**Listed records:**
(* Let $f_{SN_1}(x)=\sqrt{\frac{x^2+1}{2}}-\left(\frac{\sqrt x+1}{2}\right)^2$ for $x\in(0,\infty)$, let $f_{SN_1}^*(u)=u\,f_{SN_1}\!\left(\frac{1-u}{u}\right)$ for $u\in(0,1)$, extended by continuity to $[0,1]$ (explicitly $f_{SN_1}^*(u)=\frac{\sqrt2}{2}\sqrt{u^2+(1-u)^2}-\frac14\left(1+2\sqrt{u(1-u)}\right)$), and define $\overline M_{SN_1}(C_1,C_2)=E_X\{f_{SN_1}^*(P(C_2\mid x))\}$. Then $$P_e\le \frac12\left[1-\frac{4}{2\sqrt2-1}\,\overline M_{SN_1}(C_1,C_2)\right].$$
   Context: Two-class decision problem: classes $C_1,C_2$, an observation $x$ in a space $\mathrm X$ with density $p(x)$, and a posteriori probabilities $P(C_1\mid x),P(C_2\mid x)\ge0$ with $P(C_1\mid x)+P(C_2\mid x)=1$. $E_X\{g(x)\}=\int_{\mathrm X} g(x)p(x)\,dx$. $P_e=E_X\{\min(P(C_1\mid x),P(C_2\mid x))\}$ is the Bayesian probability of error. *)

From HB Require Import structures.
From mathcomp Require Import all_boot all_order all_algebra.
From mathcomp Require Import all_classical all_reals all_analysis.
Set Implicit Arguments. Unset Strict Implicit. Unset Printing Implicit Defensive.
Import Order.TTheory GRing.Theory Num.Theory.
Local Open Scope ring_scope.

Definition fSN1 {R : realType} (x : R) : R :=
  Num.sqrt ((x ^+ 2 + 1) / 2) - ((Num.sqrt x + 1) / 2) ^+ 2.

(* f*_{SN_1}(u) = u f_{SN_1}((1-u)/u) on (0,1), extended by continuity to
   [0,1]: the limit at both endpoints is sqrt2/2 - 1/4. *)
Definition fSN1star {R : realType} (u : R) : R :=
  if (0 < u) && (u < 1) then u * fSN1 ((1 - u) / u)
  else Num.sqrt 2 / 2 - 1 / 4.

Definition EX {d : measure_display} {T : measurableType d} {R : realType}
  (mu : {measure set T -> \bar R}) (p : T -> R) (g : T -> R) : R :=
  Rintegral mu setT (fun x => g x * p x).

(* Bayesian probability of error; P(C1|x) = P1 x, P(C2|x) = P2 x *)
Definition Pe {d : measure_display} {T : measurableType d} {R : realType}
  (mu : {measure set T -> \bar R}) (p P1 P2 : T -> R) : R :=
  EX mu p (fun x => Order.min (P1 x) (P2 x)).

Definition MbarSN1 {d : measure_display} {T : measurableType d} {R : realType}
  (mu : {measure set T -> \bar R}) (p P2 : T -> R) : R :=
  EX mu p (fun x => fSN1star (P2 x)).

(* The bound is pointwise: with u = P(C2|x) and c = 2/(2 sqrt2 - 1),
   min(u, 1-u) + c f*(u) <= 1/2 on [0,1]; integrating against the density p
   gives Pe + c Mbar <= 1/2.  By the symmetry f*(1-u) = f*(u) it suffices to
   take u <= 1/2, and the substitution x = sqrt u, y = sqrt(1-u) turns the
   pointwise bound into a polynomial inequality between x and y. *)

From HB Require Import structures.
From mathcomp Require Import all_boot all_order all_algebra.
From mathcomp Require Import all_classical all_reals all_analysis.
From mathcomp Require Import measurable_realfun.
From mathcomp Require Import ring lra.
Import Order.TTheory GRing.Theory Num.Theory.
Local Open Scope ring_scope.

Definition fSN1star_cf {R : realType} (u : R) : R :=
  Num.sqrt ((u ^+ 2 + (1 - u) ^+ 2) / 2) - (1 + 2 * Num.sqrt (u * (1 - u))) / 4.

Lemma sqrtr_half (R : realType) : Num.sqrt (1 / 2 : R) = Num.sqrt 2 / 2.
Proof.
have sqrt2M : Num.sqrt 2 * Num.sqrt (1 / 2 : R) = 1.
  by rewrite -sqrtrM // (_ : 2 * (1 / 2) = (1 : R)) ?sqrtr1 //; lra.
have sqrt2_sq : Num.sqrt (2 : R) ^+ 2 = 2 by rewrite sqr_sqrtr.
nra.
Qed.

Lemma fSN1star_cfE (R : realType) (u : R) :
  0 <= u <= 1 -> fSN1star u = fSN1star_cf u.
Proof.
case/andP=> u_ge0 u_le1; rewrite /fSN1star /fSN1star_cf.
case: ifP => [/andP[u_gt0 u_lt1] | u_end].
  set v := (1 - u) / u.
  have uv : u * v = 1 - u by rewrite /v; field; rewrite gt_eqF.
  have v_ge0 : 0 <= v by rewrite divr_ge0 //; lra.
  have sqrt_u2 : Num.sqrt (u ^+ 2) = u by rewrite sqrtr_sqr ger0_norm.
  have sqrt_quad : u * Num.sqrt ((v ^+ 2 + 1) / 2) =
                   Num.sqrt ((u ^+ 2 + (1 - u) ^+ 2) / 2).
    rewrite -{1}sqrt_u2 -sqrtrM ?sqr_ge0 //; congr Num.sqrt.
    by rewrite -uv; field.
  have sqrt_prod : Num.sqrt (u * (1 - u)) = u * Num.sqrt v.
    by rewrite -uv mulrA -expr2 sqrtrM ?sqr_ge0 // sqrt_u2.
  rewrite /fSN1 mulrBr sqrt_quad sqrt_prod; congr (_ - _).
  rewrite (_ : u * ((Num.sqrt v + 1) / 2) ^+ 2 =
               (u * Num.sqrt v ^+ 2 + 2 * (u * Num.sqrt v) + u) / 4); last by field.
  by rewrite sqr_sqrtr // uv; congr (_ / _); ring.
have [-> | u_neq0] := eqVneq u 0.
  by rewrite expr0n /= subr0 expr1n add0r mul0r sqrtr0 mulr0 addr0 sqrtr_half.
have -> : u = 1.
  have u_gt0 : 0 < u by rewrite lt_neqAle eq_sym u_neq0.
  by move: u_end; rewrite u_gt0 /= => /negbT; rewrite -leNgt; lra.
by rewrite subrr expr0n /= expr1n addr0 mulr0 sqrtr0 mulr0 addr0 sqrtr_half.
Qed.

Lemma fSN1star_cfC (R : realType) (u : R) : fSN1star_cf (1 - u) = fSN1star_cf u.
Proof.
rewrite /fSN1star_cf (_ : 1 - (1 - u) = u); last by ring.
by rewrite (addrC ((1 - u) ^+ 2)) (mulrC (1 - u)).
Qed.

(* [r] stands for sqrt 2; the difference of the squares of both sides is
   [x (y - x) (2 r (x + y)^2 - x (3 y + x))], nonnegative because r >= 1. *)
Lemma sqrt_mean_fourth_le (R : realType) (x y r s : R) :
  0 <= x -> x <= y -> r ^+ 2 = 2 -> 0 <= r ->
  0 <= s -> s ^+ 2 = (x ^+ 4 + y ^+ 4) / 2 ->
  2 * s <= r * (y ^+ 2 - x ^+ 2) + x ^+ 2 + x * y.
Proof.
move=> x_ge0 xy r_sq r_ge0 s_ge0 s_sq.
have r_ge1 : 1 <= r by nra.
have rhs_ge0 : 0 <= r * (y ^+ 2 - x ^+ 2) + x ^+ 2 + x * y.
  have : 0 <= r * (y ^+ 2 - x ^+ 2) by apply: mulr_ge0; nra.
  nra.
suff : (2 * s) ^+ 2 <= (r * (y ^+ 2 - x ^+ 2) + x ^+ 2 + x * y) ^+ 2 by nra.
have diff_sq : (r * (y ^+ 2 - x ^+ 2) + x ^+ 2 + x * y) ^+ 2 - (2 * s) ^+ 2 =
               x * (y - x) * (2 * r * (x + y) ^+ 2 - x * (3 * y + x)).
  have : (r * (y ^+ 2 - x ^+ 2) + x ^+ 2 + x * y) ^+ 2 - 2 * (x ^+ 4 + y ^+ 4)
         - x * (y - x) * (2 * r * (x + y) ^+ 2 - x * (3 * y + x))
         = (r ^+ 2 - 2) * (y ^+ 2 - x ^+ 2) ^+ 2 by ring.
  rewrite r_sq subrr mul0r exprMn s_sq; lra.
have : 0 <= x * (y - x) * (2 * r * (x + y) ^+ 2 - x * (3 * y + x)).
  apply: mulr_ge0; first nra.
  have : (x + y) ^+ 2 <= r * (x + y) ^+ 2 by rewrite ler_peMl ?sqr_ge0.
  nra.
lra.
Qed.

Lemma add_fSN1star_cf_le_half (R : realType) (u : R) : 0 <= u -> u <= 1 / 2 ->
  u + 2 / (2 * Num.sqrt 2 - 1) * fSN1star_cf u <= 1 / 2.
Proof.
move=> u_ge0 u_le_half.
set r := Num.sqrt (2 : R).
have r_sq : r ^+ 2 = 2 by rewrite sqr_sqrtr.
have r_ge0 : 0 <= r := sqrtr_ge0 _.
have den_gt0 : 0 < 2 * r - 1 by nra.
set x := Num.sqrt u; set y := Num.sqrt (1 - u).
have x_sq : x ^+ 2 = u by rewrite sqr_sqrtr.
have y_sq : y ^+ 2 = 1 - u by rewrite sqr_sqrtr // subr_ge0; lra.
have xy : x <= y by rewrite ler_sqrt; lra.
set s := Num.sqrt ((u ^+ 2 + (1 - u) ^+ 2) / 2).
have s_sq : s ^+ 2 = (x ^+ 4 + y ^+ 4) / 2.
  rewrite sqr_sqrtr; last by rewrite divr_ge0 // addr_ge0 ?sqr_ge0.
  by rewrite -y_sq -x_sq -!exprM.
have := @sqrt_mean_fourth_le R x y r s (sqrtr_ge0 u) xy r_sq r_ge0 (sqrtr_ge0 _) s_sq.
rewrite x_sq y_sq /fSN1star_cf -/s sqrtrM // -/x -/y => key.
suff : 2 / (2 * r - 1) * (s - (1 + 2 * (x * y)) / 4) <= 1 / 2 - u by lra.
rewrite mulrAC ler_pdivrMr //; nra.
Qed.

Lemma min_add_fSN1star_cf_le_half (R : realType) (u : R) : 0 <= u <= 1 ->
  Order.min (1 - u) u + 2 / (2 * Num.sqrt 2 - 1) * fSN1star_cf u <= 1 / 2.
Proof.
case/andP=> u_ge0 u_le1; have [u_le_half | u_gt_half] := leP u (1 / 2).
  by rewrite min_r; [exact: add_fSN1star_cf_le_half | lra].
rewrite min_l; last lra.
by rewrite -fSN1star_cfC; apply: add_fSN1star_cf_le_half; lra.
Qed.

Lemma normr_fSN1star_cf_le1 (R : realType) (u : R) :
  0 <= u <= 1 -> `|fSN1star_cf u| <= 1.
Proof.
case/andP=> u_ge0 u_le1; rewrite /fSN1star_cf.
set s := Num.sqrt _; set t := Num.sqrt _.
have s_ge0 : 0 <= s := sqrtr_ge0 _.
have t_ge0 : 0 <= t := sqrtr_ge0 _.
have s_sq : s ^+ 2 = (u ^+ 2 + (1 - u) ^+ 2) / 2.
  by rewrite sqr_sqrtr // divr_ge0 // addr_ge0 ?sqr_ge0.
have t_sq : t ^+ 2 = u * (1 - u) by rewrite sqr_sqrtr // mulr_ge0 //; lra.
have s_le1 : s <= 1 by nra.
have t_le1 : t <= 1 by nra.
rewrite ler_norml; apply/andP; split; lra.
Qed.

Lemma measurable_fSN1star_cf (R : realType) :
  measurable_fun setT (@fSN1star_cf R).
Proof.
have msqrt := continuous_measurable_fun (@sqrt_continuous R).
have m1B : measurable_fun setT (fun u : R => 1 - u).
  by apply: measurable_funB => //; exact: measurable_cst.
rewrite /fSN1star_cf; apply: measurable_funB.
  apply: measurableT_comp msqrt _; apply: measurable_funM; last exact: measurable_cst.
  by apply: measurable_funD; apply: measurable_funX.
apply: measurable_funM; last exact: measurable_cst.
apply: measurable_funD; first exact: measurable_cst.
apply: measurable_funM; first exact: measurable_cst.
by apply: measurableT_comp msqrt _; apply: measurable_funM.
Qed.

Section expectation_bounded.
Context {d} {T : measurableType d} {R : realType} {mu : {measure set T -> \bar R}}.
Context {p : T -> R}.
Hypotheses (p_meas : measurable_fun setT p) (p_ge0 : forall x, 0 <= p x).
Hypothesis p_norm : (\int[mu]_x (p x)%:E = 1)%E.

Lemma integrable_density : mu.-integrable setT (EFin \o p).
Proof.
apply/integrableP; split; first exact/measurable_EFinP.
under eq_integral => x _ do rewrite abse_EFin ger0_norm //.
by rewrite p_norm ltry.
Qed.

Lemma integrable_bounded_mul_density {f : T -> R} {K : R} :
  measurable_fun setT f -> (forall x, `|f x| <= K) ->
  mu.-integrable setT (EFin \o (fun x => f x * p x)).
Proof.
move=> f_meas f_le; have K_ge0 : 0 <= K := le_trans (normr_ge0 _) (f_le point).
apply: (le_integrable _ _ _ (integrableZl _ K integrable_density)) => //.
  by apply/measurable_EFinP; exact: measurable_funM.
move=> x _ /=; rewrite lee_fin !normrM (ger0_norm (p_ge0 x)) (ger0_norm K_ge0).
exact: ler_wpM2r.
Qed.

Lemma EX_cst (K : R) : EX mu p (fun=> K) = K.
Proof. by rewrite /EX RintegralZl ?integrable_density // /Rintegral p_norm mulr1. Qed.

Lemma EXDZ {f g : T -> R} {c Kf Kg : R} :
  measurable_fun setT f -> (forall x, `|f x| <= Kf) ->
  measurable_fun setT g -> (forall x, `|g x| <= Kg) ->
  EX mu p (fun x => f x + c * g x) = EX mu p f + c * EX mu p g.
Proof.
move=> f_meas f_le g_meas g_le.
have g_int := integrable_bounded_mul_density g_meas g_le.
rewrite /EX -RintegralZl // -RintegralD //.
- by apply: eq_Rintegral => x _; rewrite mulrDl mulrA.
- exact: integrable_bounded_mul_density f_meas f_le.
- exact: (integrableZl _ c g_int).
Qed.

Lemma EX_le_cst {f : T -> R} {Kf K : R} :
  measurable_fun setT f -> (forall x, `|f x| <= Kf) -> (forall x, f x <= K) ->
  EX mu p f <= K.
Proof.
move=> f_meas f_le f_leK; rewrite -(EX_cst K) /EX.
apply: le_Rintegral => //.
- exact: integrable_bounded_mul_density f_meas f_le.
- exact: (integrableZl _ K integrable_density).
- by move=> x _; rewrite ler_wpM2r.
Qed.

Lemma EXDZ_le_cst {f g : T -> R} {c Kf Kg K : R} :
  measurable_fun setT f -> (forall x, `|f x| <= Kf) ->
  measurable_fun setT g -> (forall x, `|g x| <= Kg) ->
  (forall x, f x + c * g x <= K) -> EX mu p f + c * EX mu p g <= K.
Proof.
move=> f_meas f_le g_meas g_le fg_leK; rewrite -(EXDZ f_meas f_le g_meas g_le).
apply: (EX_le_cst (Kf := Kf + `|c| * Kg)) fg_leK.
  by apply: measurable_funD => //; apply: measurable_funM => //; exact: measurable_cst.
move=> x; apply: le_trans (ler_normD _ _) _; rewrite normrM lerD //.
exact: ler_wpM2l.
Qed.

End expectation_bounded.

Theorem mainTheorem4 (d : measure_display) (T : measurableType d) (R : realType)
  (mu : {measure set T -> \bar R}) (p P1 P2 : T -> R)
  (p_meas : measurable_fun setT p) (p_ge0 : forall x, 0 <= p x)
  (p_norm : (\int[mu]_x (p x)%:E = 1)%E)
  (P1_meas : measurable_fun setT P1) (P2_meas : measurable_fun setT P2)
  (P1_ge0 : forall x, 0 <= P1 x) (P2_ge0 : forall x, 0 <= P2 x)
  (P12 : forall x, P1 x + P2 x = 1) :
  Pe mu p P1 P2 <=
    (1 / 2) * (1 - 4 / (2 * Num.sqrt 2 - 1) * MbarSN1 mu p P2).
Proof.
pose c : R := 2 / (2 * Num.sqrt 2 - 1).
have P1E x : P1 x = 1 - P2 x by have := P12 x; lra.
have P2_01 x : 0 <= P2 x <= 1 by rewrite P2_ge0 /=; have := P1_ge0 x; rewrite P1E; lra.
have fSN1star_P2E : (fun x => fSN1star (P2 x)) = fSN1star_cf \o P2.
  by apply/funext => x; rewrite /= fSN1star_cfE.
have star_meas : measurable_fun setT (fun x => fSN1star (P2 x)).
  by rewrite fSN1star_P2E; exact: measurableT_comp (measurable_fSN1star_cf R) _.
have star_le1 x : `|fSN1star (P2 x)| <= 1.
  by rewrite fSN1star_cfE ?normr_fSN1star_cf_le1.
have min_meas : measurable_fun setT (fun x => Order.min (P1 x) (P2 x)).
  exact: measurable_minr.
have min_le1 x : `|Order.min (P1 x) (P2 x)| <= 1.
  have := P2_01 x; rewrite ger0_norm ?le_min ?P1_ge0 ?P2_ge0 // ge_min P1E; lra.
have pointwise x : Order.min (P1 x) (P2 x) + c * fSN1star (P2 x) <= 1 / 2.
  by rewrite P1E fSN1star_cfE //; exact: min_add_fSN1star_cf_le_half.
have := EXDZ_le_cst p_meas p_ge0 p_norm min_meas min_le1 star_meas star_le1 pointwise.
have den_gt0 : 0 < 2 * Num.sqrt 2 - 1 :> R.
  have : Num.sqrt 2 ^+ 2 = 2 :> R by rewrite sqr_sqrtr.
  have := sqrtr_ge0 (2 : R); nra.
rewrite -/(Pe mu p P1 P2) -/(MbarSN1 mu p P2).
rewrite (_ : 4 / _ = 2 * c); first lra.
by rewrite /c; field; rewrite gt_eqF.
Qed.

**Required action:** Begin with the line above that has "Set Implicit Arguments." and continue through the line that has "if (0 < u) && (u", setting each one down exactly. Stop there.

**Your solution:**
Set Implicit Arguments. Unset Strict Implicit. Unset Printing Implicit Defensive.
Import Order.TTheory GRing.Theory Num.Theory.
Local Open Scope ring_scope.

Definition fSN1 {R : realType} (x : R) : R :=
  Num.sqrt ((x ^+ 2 + 1) / 2) - ((Num.sqrt x + 1) / 2) ^+ 2.

(* f*_{SN_1}(u) = u f_{SN_1}((1-u)/u) on (0,1), extended by continuity to
   [0,1]: the limit at both endpoints is sqrt2/2 - 1/4. *)
Definition fSN1star {R : realType} (u : R) : R :=
  if (0 < u) && (u < 1) then u * fSN1 ((1 - u) / u)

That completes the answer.